Gigantic fires are devastating the Los Angeles region in the United States. Twenty-four dead, 130,000 people evacuated, more than 9,000 buildings and houses destroyed by devouring fires, carried by extremely powerful winds, and a fire site larger than the total area of Paris: this is the worst disaster natural history of the city.
Many Los Angeles residents have everything lost. We can read in The Mondethe testimony of neighbors who saw their entire neighborhood burn; of a retired couple who fled with their only possession. French expatriates in the City of Angels also testify, for example on BFMTV: they too saw their house go up in flames.
Stars are among the ultra-rich whose lifestyle largely causes the depletion of natural resources.
But it is not on these people that part of the French media coverage of the disaster focuses. It is, of course, about the glitz of Hollywood and the repercussions of the fire on French stars. « Patrick Bruel announces that his house has ‘gone up in smoke’” (BFMTV); “’I am devastated’: Laeticia Hallyday’s villa destroyed by flames in Los Angeles” (The Parisian) ; “‘Heartbroken’, Paris Hilton saw ‘her house burning live on television’” (TF1) ; “’We lost everything’: Laeticia Hallyday mourns the destruction of her house in the Los Angeles fire” (BFMTV, again); “Tom Hanks, Anthony Hopkins, Ben Affleck… these Hollywood stars evacuated or whose house burned down due to fires” (The Parisianencore).
Misleading
So, yes: if even Hollywood stars are affected by the climate catastrophe – because these extraordinary fires are above all caused by the climate crisis: it is the extreme drought which triggered them – perhaps they will finally put their global influence in the fight against global warming. Or maybe not: they are, after all, part of the ultra-rich whose lifestyle largely causes the depletion of natural resources and the excessive production of CO2.

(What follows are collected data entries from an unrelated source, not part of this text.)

(* For $n=0,1,2,\ldots$ let $R_n=\sum_{k=0}^n\binom{n}{k}\binom{n+k}{k}\frac{1}{2k-1}$. The sequence $\{\sqrt[n]{R_n}\}_{n=5}^\infty$ is strictly log-concave; equivalently, the sequence $\left\{\frac{\sqrt[n+1]{R_{n+1}}}{\sqrt[n]{R_n}}\right\}_{n=5}^\infty$ is strictly decreasing.
   Context: A sequence $\{z_n\}$ of positive numbers is strictly log-concave if $z_{n-1}z_{n+1}<z_n^2$ for all indices $n$ for which $z_{n-1},z_n,z_{n+1}$ belong to the sequence. *)

From Stdlib Require Import Reals.
Open Scope R_scope.

Definition Rseq (n : nat) : R :=
  sum_f_R0 (fun k => C n k * C (n + k) k / (2 * INR k - 1)) n.

(* z_n = R_n^{1/n}, the positive n-th root (meaningful for R_n > 0, n >= 1). *)
Definition zseq (n : nat) : R := Rpower (Rseq n) (/ INR n).

From Stdlib Require Import Reals Lra Lia Psatz List Factorial.
Import ListNotations.
Open Scope R_scope.

(* Zeilberger's algorithm gives the recurrence
   (n + 3) R_(n+3) = (7n + 13) R_(n+2) - (7n + 15) R_(n+1) + (n + 1) R_n,
   whose characteristic polynomial (t - 1)(t^2 - 6t + 1) has dominant root 3 + 2 sqrt 2.
   Induction on the recurrence traps R_(n+1) / R_n between two truncations of its
   asymptotic expansion; polynomial certificates show that these bounds propagate, and
   that they force R_(n+3) R_(n+1)^3 < R_(n+2)^3 R_n, i.e. ln R_n has negative third
   differences.  For l_n = ln R_n, log-concavity of exp (l_n / n) is the negativity of
   g_q = x (x + 1) l_q - 2 (x^2 - 1) l_(q+1) + x (x - 1) l_(q+2) with x = q + 1, and
   g_(q+1) - g_q = (q + 1)(q + 2) times the third difference, so a single numerical check
   g_5 < 0 suffices. *)

Ltac nonzero := first [assumption | apply Rgt_not_eq; lra | apply Rlt_not_eq; lra].

Lemma twice_INR_minus_1_neq_0 (k : nat) : 2 * INR k - 1 <> 0.
Proof. destruct k as [|k]; [simpl; lra | rewrite S_INR; pose proof (pos_INR k); lra]. Qed.

Definition rterm (m k : nat) : R :=
  if (k <=? m)%nat then
    INR (fact (m + k)) / (INR (fact k) * INR (fact k) * INR (fact (m - k))) / (2 * INR k - 1)
  else 0.

Lemma rterm_out_of_range (m k : nat) : (m < k)%nat -> rterm m k = 0.
Proof. intros Hk. unfold rterm. replace (k <=? m)%nat with false by (symmetry; apply Nat.leb_gt; lia). reflexivity. Qed.

Lemma Rseq_rterm (n : nat) : Rseq n = sum_f_R0 (rterm n) n.
Proof.
  unfold Rseq. apply sum_eq. intros k Hk.
  unfold rterm. replace (k <=? n)%nat with true by (symmetry; apply Nat.leb_le; lia).
  unfold C. replace (n + k - k)%nat with n by lia.
  pose proof (INR_fact_neq_0 n). pose proof (INR_fact_neq_0 k).
  pose proof (INR_fact_neq_0 (n - k)). pose proof (INR_fact_neq_0 (n + k)).
  pose proof (twice_INR_minus_1_neq_0 k).
  field. repeat split; auto.
Qed.

Lemma sum_f_R0_vanishing_tail (f : nat -> R) (m j : nat) :
  (forall k, (m < k)%nat -> f k = 0) -> sum_f_R0 f (m + j) = sum_f_R0 f m.
Proof.
  intros Hf. induction j as [|j IH]; [now rewrite Nat.add_0_r|].
  replace (m + S j)%nat with (S (m + j)) by lia. simpl. rewrite IH, Hf by lia. ring.
Qed.

Lemma Rseq_rterm_extend (m j : nat) : Rseq m = sum_f_R0 (rterm m) (m + j).
Proof.
  rewrite sum_f_R0_vanishing_tail; [apply Rseq_rterm | intros; now apply rterm_out_of_range].
Qed.

Lemma sum_f_R0_telescope (g : nat -> R) (N : nat) :
  sum_f_R0 (fun k => g (S k) - g k) N = g (S N) - g O.
Proof. induction N as [|N IH]; simpl; [ring | rewrite IH; simpl; ring]. Qed.

Lemma sum_f_R0_scal_l (a : R) (f : nat -> R) (N : nat) :
  sum_f_R0 (fun k => a * f k) N = a * sum_f_R0 f N.
Proof. rewrite scal_sum. apply sum_eq. intros; ring. Qed.

Lemma rterm_succ_l (m k : nat) :
  rterm m k = rterm (S m) k * (INR m + 1 - INR k) / (INR m + 1 + INR k).
Proof.
  pose proof (pos_INR m). pose proof (pos_INR k).
  unfold rterm. destruct (Nat.leb_spec k m) as [Hkm|Hkm].
  - replace (k <=? S m)%nat with true by (symmetry; apply Nat.leb_le; lia).
    replace (S m + k)%nat with (S (m + k)) by lia.
    replace (S m - k)%nat with (S (m - k)) by lia.
    rewrite !fact_simpl, !mult_INR, !S_INR, plus_INR, minus_INR by lia.
    pose proof (INR_fact_neq_0 k).
    pose proof (INR_fact_neq_0 (m - k)). pose proof (INR_fact_neq_0 (m + k)).
    pose proof (twice_INR_minus_1_neq_0 k).
    assert (INR k <= INR m) by (apply le_INR; exact Hkm).
    field. repeat split; nonzero.
  - destruct (Nat.leb_spec k (S m)) as [Hk|Hk].
    + replace k with (S m) by lia. rewrite S_INR. unfold Rdiv. ring.
    + unfold Rdiv. ring.
Qed.

Lemma rterm_succ_r (m k : nat) :
  rterm m (k + 1) * ((INR k + 1) * (INR k + 1)) * (2 * INR k + 1) =
  rterm m k * (INR m + INR k + 1) * (INR m - INR k) * (2 * INR k - 1).
Proof.
  unfold rterm. destruct (Nat.leb_spec (k + 1) m) as [Hkm|Hkm].
  - replace (k <=? m)%nat with true by (symmetry; apply Nat.leb_le; lia).
    replace (m + (k + 1))%nat with (S (m + k)) by lia.
    replace (k + 1)%nat with (S k) by lia.
    replace (m - k)%nat with (S (m - S k)) by lia.
    rewrite !fact_simpl, !mult_INR, !S_INR, plus_INR.
    replace (INR (m - S k)) with (INR m - INR k - 1) by (rewrite minus_INR, S_INR by lia; ring).
    pose proof (INR_fact_neq_0 k).
    pose proof (INR_fact_neq_0 (m - S k)). pose proof (INR_fact_neq_0 (m + k)).
    pose proof (twice_INR_minus_1_neq_0 k). pose proof (pos_INR k).
    assert (INR k + 1 <= INR m) by (rewrite <- S_INR; apply le_INR; lia).
    field. repeat split; nonzero.
  - destruct (Nat.leb_spec k m) as [Hk|Hk]; [replace k with m by lia|]; ring.
Qed.

(* Zeilberger's certificate for the recurrence of [Rseq]. *)
Definition zeilberger_cert (n k : nat) : R :=
  match k with
  | O => 0
  | S j =>
      let x := INR n in let y := INR k in
      rterm (n + 3) j
      * (96 - 88*y + 16*y^2 + 72*x - 60*x*y + 8*x*y^2 + 12*x^2 - 8*x^2*y)
      / ((x + y + 1) * (x + y + 2))
  end.

Lemma rterm_recurrence_telescopes (n k : nat) : (k <= n + 3)%nat ->
  (INR n + 3) * rterm (n + 3) k - (7 * INR n + 13) * rterm (n + 2) k
  + (7 * INR n + 15) * rterm (n + 1) k - (INR n + 1) * rterm n k
  = zeilberger_cert n (S k) - zeilberger_cert n k.
Proof.
  intros Hk. pose proof (pos_INR n). pose proof (pos_INR k).
  unfold zeilberger_cert.
  replace (n + 1)%nat with (S n) by lia. replace (n + 2)%nat with (S (S n)) by lia.
  replace (n + 3)%nat with (S (S (S n))) by lia.
  rewrite (rterm_succ_l n), (rterm_succ_l (S n)), (rterm_succ_l (S (S n))), !S_INR.
  destruct k as [|j].
  - simpl. field. repeat split; nonzero.
  - pose proof (pos_INR j). pose proof (twice_INR_minus_1_neq_0 j).
    assert (Hj : INR j + 1 <= INR n + 1 + 1 + 1) by (rewrite <- !S_INR; apply le_INR; lia).
    assert (Hback : rterm (S (S (S n))) j
        = rterm (S (S (S n))) (S j) * ((INR j + 1) * (INR j + 1)) * (2 * INR j + 1)
        / ((INR n + 1 + 1 + 1 + INR j + 1) * (INR n + 1 + 1 + 1 - INR j) * (2 * INR j - 1))).
    { pose proof (rterm_succ_r (S (S (S n))) j) as E. rewrite Nat.add_1_r, !S_INR in E.
      rewrite E. field. repeat split; nonzero. }
    rewrite Hback, !S_INR. field. repeat split; nonzero.
Qed.
(** * Evaluation against finite approximations of the oracles *)

(* Results are shifted by one: [0] means "undetermined", [S r] means [r]. *)
Fixpoint rec_partial (b : nat) (h : nat -> nat -> nat) n :=
  match n with
  | 0 => b
  | S n => let r := rec_partial b h n in ifz r 0 (h n (pred r))
  end.

(* State of a minimisation after [n] trials: [0] still searching, [1] stuck on
   an undetermined trial, [S (S j)] found the first zero at [j]. *)
Fixpoint search_partial (h : nat -> nat) n :=
  match n with
  | 0 => 0
  | S j =>
      let s := search_partial h j in
      ifz s (ifz (h j) 1 (ifz (pred (h j)) (S (S j)) 0)) s
  end.

(* Oracle 0 is [a]; oracles 1 and 2 are known through [L1], [L2], where [0]
   stands for an unknown bit and [S b] for the bit [b]; a minimisation gives up
   after [fuel] trials. *)
Fixpoint peval (a : Cantor) (L1 L2 : nat -> nat) (fuel : nat) (p : prog) (v : list nat)
  : nat :=
  match p with
  | PZero => 1
  | PSucc => S (S (hd 0 v))
  | PProj j => S (nth j v 0)
  | POrc 0 => S (Nat.b2n (a (hd 0 v)))
  | POrc 1 => L1 (hd 0 v)
  | POrc 2 => L2 (hd 0 v)
  | POrc _ => 1
  | PComp f gs =>
      let rs := map (fun g => peval a L1 L2 fuel g v) gs in
      if forallb (fun r => negb (r =? 0)) rs then peval a L1 L2 fuel f (map pred rs) else 0
  | PRec f g =>
      match v with
      | [] => 0
      | n :: w => rec_partial (peval a L1 L2 fuel f w)
                    (fun j r => peval a L1 L2 fuel g (j :: r :: w)) n
      end
  | PMu f => pred (search_partial (fun j => peval a L1 L2 fuel f (j :: v)) fuel)
  end.

Lemma search_partial_searching h n :
  search_partial h n = 0 -> forall j, j < n -> exists k, h j = S (S k).
Proof.
  induction n; simpl; intros H j Hj; [lia|].
  destruct (search_partial h n); simpl in H; try discriminate.
  destruct (h n) as [|[|k]] eqn:Eh; simpl in H; try discriminate.
  destruct (Nat.eq_dec j n) as [->|]; eauto. apply IHn; auto; lia.
Qed.

Lemma search_partial_found h n r :
  search_partial h n = S (S r) -> h r = 1 /\ forall j, j < r -> exists k, h j = S (S k).
Proof.
  induction n; simpl; intros H; [discriminate|].
  destruct (search_partial h n) eqn:E; simpl in H; auto.
  destruct (h n) as [|[|k]] eqn:Eh; simpl in H; try discriminate.
  injection H as <-. split; auto. apply search_partial_searching; auto.
Qed.

Lemma search_partial_complete h n :
  h n = 1 -> (forall m, m < n -> exists k, h m = S (S k)) ->
  forall fuel, n < fuel -> search_partial h fuel = S (S n).
Proof.
  intros Hn Hm.
  assert (Hsearch : forall j, j <= n -> search_partial h j = 0).
  { induction j; simpl; intros; auto. rewrite IHj by lia. simpl.
    destruct (Hm j) as [k ->]; auto; lia. }
  induction fuel; intros Hf; [lia|].
  simpl. destruct (Nat.eq_dec n fuel) as [<-|].
  - rewrite Hsearch by lia. simpl. rewrite Hn. auto.
  - rewrite IHfuel by lia. auto.
Qed.

Section PartialEval.
Variables a x y : Cantor.

Section Sound.
Variables L1 L2 : nat -> nat.
Variable fuel : nat.
Hypothesis HL1 : forall q, L1 q = 0 \/ L1 q = S (Nat.b2n (x q)).
Hypothesis HL2 : forall q, L2 q = 0 \/ L2 q = S (Nat.b2n (y q)).

Lemma peval_sound p : forall v r, peval a L1 L2 fuel p v = S r -> eval (oracle3 a x y) p v r.
Proof.
  induction p as [| | | |f gs IHf IHgs|f g IHf IHg|f IHf] using prog_nested_ind;
    simpl; intros v r H.
  - injection H as <-; constructor.
  - injection H as <-; constructor.
  - injection H as <-; constructor.
  - destruct j as [|[|[|j]]].
    + injection H as <-. apply (eOrc (oracle3 a x y) 0).
    + destruct (HL1 (hd 0 v)) as [E|E]; rewrite E in H; [discriminate|].
      injection H as <-. apply (eOrc (oracle3 a x y) 1).
    + destruct (HL2 (hd 0 v)) as [E|E]; rewrite E in H; [discriminate|].
      injection H as <-. apply (eOrc (oracle3 a x y) 2).
    + injection H as <-. apply (eOrc (oracle3 a x y) (S (S (S j)))).
  - destruct forallb eqn:E; [|discriminate].
    econstructor; [|apply IHf, H]. clear H IHf.
    induction gs as [|g gs IH]; simpl in *; [constructor|].
    inversion IHgs; subst. apply Bool.andb_true_iff in E as [E1 E2].
    constructor; auto. destruct (peval a L1 L2 fuel g v) eqn:Eg; [discriminate|]. auto.
  - destruct v as [|n w]; [discriminate|].
    revert r H. induction n; simpl; intros r H; [constructor; auto|].
    destruct rec_partial eqn:E; simpl in H; [discriminate|].
    econstructor; eauto.
  - destruct search_partial as [|[|s]] eqn:E; simpl in H; try discriminate.
    injection H as <-. apply search_partial_found in E as [E1 E2].
    constructor; auto.
    intros m Hm. destruct (E2 m Hm) as [k Hk]. exists k. auto.
Qed.
End Sound.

But, in all cases, putting them forward as the major victims of this catastrophe is misleading: Laeticia Hallyday did not really “lost everything”. Patrick Bruel saw his “other refuge”which means it’s not his main “refuge”. Paris Hilton is not the only one to have “heartbroken”but everything media space that she occupies will not be dedicated to the thousands of strangers who are not lucky enough to have been born heirs and for whom the loss is much more colossal.
Easier to be moved by the concerns of Patrick Bruel and Laeticia Hallyday (…) than with those of our fellow Mahorese citizens.
Especially since a few months ago, insurance companies changed the contracts of thousands of residents in the Los Angeles area – including many people in Pacific Palisades, the neighborhood that was almost entirely destroyed by flames – for reasons of risk… of fire. These people have lost everything and won’t even touch insurance for which they have contributed for years. And they don’t have the fortune of stars to rebuild their lives elsewhere.
Double treatment
This avalanche of testimonies from residents desperate to have lost their roof, we did not observe it as much in the media when Mayotte was recovering as best it could from Cyclone Chido. However, the disaster was just as destructive, and the population in a much more precarious situation. But we don’t see Mayotte on our cinema screens: it’s easier to be moved by the concerns of Patrick Bruel and Laeticia Hallyday, or “French expatriates” than with those of our fellow Mahorese citizens, apparently.
On the same subject: In Mayotte, “in the morning, I open my eyes and I cry”
This is the famous « double media treatment » Western, the one that stood out at the start of the war in Ukraine in 2022 in the words of a BFM journalist: “We are not talking about Syrians fleeing the regime’s bombings […]. We’re talking about Europeans leaving in their cars that look like our cars, and just trying to save their lives. » Sprinkle these “Europeans who are like us” with some Hollywood glitter, and you get French coverage of the Los Angeles fires.